Record excerpts: Begin
Lemma size_paths x0 n p : p \in paths x0 n -> size p = n.+1.
Proof.
elim: n p => [|n IH] p /=; first by rewrite inE => /eqP ->.
by case/allpairsPdep => q [z [Hq _ ->]]; rewrite size_rcons (IH _ Hq).
Qed.

Lemma uniq_paths x0 n : uniq (paths x0 n).
Proof.
elim: n => [|n IH] //=; apply: allpairs_uniq_dep => // [q _|]; first exact: undup_uniq.
by move=> [q1 z1] [q2 z2] _ _ /= /rcons_inj [-> ->].
Qed.

Lemma nth0_paths x0 n p : p \in paths x0 n -> nth x0 p 0 = x0.
Proof.
elim: n p => [|n IH] p /=; first by rewrite inE => /eqP ->.
case/allpairsPdep => q [z [Hq _ ->]]; rewrite nth_rcons (size_paths Hq).
exact: IH.
Qed.

Definition max_stoich : nat := (\max_(k < K) \max_(j < d + r) (y k j + y' k j))%N.

Lemma stoich_le_max k j : (y k j <= max_stoich /\ y' k j <= max_stoich)%N.
Proof.
have : (y k j + y' k j <= max_stoich)%N.
  by apply: leq_trans (leq_bigmax k); exact: (leq_bigmax j).
lia.
Qed.

Lemma successors_dist_le x z : z \in successors x -> state_dist_le max_stoich x z.
Proof.
rewrite mem_undup inE => /predU1P [-> j|/mapP [k _ -> j]]; first lia.
by rewrite /target ffunE; have := stoich_le_max k j; lia.
Qed.

Lemma paths_dist_le x0 n p : p \in paths x0 n ->
  state_dist_le (n * max_stoich) x0 (nth x0 p n).
Proof.
elim: n p => [|n IH] p /=; first by rewrite inE => /eqP -> j /=; lia.
case/allpairsPdep => q [z [Hq Hz ->]].
rewrite nth_rcons (size_paths Hq) ltnn eqxx mulSnr.
apply: state_dist_le_trans (IH _ Hq) _.
by rewrite -nth_last (size_paths Hq) in Hz; exact: successors_dist_le.
Qed.

Section Weights.
Variables (R : realType) (kappa beta : 'I_K -> R) (N : nat).
Local Open Scope ring_scope.
Local Notation jump_prob := (jump_prob y y' kappa beta N).

Lemma sum_jump_prob x : \sum_(z <- successors x) jump_prob x z = 1.
Proof.
have us := undup_uniq (x :: [seq target y y' k x | k <- enum 'I_K]).
rewrite /jump_prob; case: eqP => [_|/eqP q0].
  rewrite (eq_bigr (fun z => if z == x then 1 else 0)) => [|z _]; last by case: eqP.
  by rewrite -big_mkcond -big_filter filter_pred1_uniq ?big_seq1 // mem_undup mem_head.
rewrite -mulr_suml /qrate; under eq_bigr do rewrite big_mkcond.
rewrite exchange_big /= -[X in X / _ = _](@eq_bigr _ _ _ _ _ _ (rate y kappa beta N ^~ x)).
  exact: divff.
move=> k _; under eq_bigr do rewrite eq_sym.
by rewrite -big_mkcond -big_filter filter_pred1_uniq ?big_seq1 ?target_successors.
Qed.

Definition path_weight (x0 : st) (n : nat) (p : seq st) : R :=
  \prod_(i < n) jump_prob (nth x0 p i) (nth x0 p i.+1).

Lemma path_weight_rcons x0 n p z : p \in paths x0 n ->
  path_weight x0 n.+1 (rcons p z) = path_weight x0 n p * jump_prob (last x0 p) z.
Proof.
move=> Hp; have Hs := size_paths Hp.
rewrite /path_weight big_ord_recr /= !nth_rcons Hs ltnSn ltnn eqxx -nth_last Hs.
congr (_ * _); apply: eq_bigr => i _.
by rewrite !nth_rcons Hs (ltn_trans (ltn_ord i)) // ltnS ltn_ord.
Qed.

Lemma sum_path_weight x0 n : \sum_(p <- paths x0 n) path_weight x0 n p = 1.
Proof.
elim: n => [|n IH] /=; first by rewrite big_seq1 /path_weight big_ord0.
rewrite big_allpairs_dep /= -[RHS]IH !big_seq; apply: eq_bigr => p Hp.
under eq_bigr do rewrite path_weight_rcons //.
by rewrite -mulr_sumr sum_jump_prob mulr1.
Qed.

End Weights.
End Trajectories.

Local Open Scope ring_scope.

Section ProductPerturbation.
Variables (R : realFieldType) (I : eqType).

Lemma norm_prod_le (s : seq I) (b : I -> R) Z :
  (forall i, i \in s -> `|b i| <= Z) -> `|\prod_(i <- s) b i| <= Z ^+ size s.
Proof.
elim: s => [|a s IH] hb; first by rewrite big_nil normr1.
rewrite big_cons normrM exprS; apply: ler_pM => //; first exact/hb/mem_head.
by apply: IH => i si; apply: hb; rewrite inE si orbT.
Qed.

Lemma norm_prodB_le (s : seq I) (a b : I -> R) e Z :
  0 <= e <= 1 -> 0 <= Z -> (forall i, i \in s -> `|a i - b i| <= e) ->
  (forall i, i \in s -> `|b i| <= Z) ->
  `|\prod_(i <- s) a i - \prod_(i <- s) b i| <= (size s)%:R * e * (Z + 1) ^+ size s.
Proof.
move=> /andP [e0 e1] Z0; elim: s => [|a0 s IH] hab hb.
  by rewrite !big_nil subrr normr0 !mul0r.
have hab' i : i \in s -> `|a i - b i| <= e by move=> si; apply: hab; rewrite inE si orbT.
have hb' i : i \in s -> `|b i| <= Z by move=> si; apply: hb; rewrite inE si orbT.
have hAB := IH hab' hb'; have hB := norm_prod_le hb'.
have h1 := hab _ (mem_head a0 s); have h2 := hb _ (mem_head a0 s).
rewrite !big_cons /=.
set A := \prod_(i <- s) a i in hAB *; set B := \prod_(i <- s) b i in hAB hB *.
have ha0 : `|a a0| <= Z + 1.
  by have := ler_normD (b a0) (a a0 - b a0); rewrite addrC subrK; lra.
have hZ : Z ^+ size s <= (Z + 1) ^+ size s by apply: lerXn2r; rewrite ?nnegrE; lra.
set W := (Z + 1) ^+ size s in hAB hZ *.
have W0 : 0 <= Z ^+ size s by exact: exprn_ge0.
have -> : a a0 * A - b a0 * B = a a0 * (A - B) + (a a0 - b a0) * B by ring.
apply: le_trans (ler_normD _ _) _; rewrite !normrM exprS -/W mulrSr.
have u1 : `|a a0| * `|A - B| <= (Z + 1) * ((size s)%:R * e * W) by exact: ler_pM.
have u2 : `|a a0 - b a0| * `|B| <= e * W by apply: ler_pM => //; exact: le_trans hB hZ.
have u3 : e * W <= (Z + 1) * (e * W) by rewrite ler_peMl ?mulr_ge0; lra.
lra.
Qed.

End ProductPerturbation.

Section ScaledState.
Variables (R : realType) (d r K : nat) (y y' : 'I_K -> state (d + r)).
Variables (beta : 'I_K -> R) (z0l : 'I_d -> nat) (z0h : 'I_r -> R).
Hypothesis z0h_gt0 : forall i, 0 < z0h i.
Local Notation Y := (max_stoich y y').

Definition z0l_sum : R := \sum_(i < d) (z0l i)%:R.
Definition z0h_sum : R := \sum_(i < r) z0h i.

(* [r * Y] bounds the number of factors of [lambdaH]. *)
Definition lambdaH_const : R := (r * Y)%:R * (z0h_sum + 1) ^+ (r * Y) + 1.

Lemma z0h_sum_ge0 : 0 <= z0h_sum.
Proof. by apply: sumr_ge0 => i _; exact: ltW. Qed.

Lemma lambdaH_const_ge1 : 1 <= lambdaH_const.
Proof.
rewrite lerDr mulr_ge0 // exprn_ge0 //; have := z0h_sum_ge0; lra.
Qed.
Record excerpts: End
# Task details:
The lines above from the one containing "Lemma sum_path_weight x0" through the one containing "Lemma norm_prod_le (s" are to be set down exactly, and no others.

# Answer to the exercise:
Lemma sum_path_weight x0 n : \sum_(p <- paths x0 n) path_weight x0 n p = 1.
Proof.
elim: n => [|n IH] /=; first by rewrite big_seq1 /path_weight big_ord0.
rewrite big_allpairs_dep /= -[RHS]IH !big_seq; apply: eq_bigr => p Hp.
under eq_bigr do rewrite path_weight_rcons //.
by rewrite -mulr_sumr sum_jump_prob mulr1.
Qed.

End Weights.
End Trajectories.

Local Open Scope ring_scope.

Section ProductPerturbation.
Variables (R : realFieldType) (I : eqType).

Lemma norm_prod_le (s : seq I) (b : I -> R) Z :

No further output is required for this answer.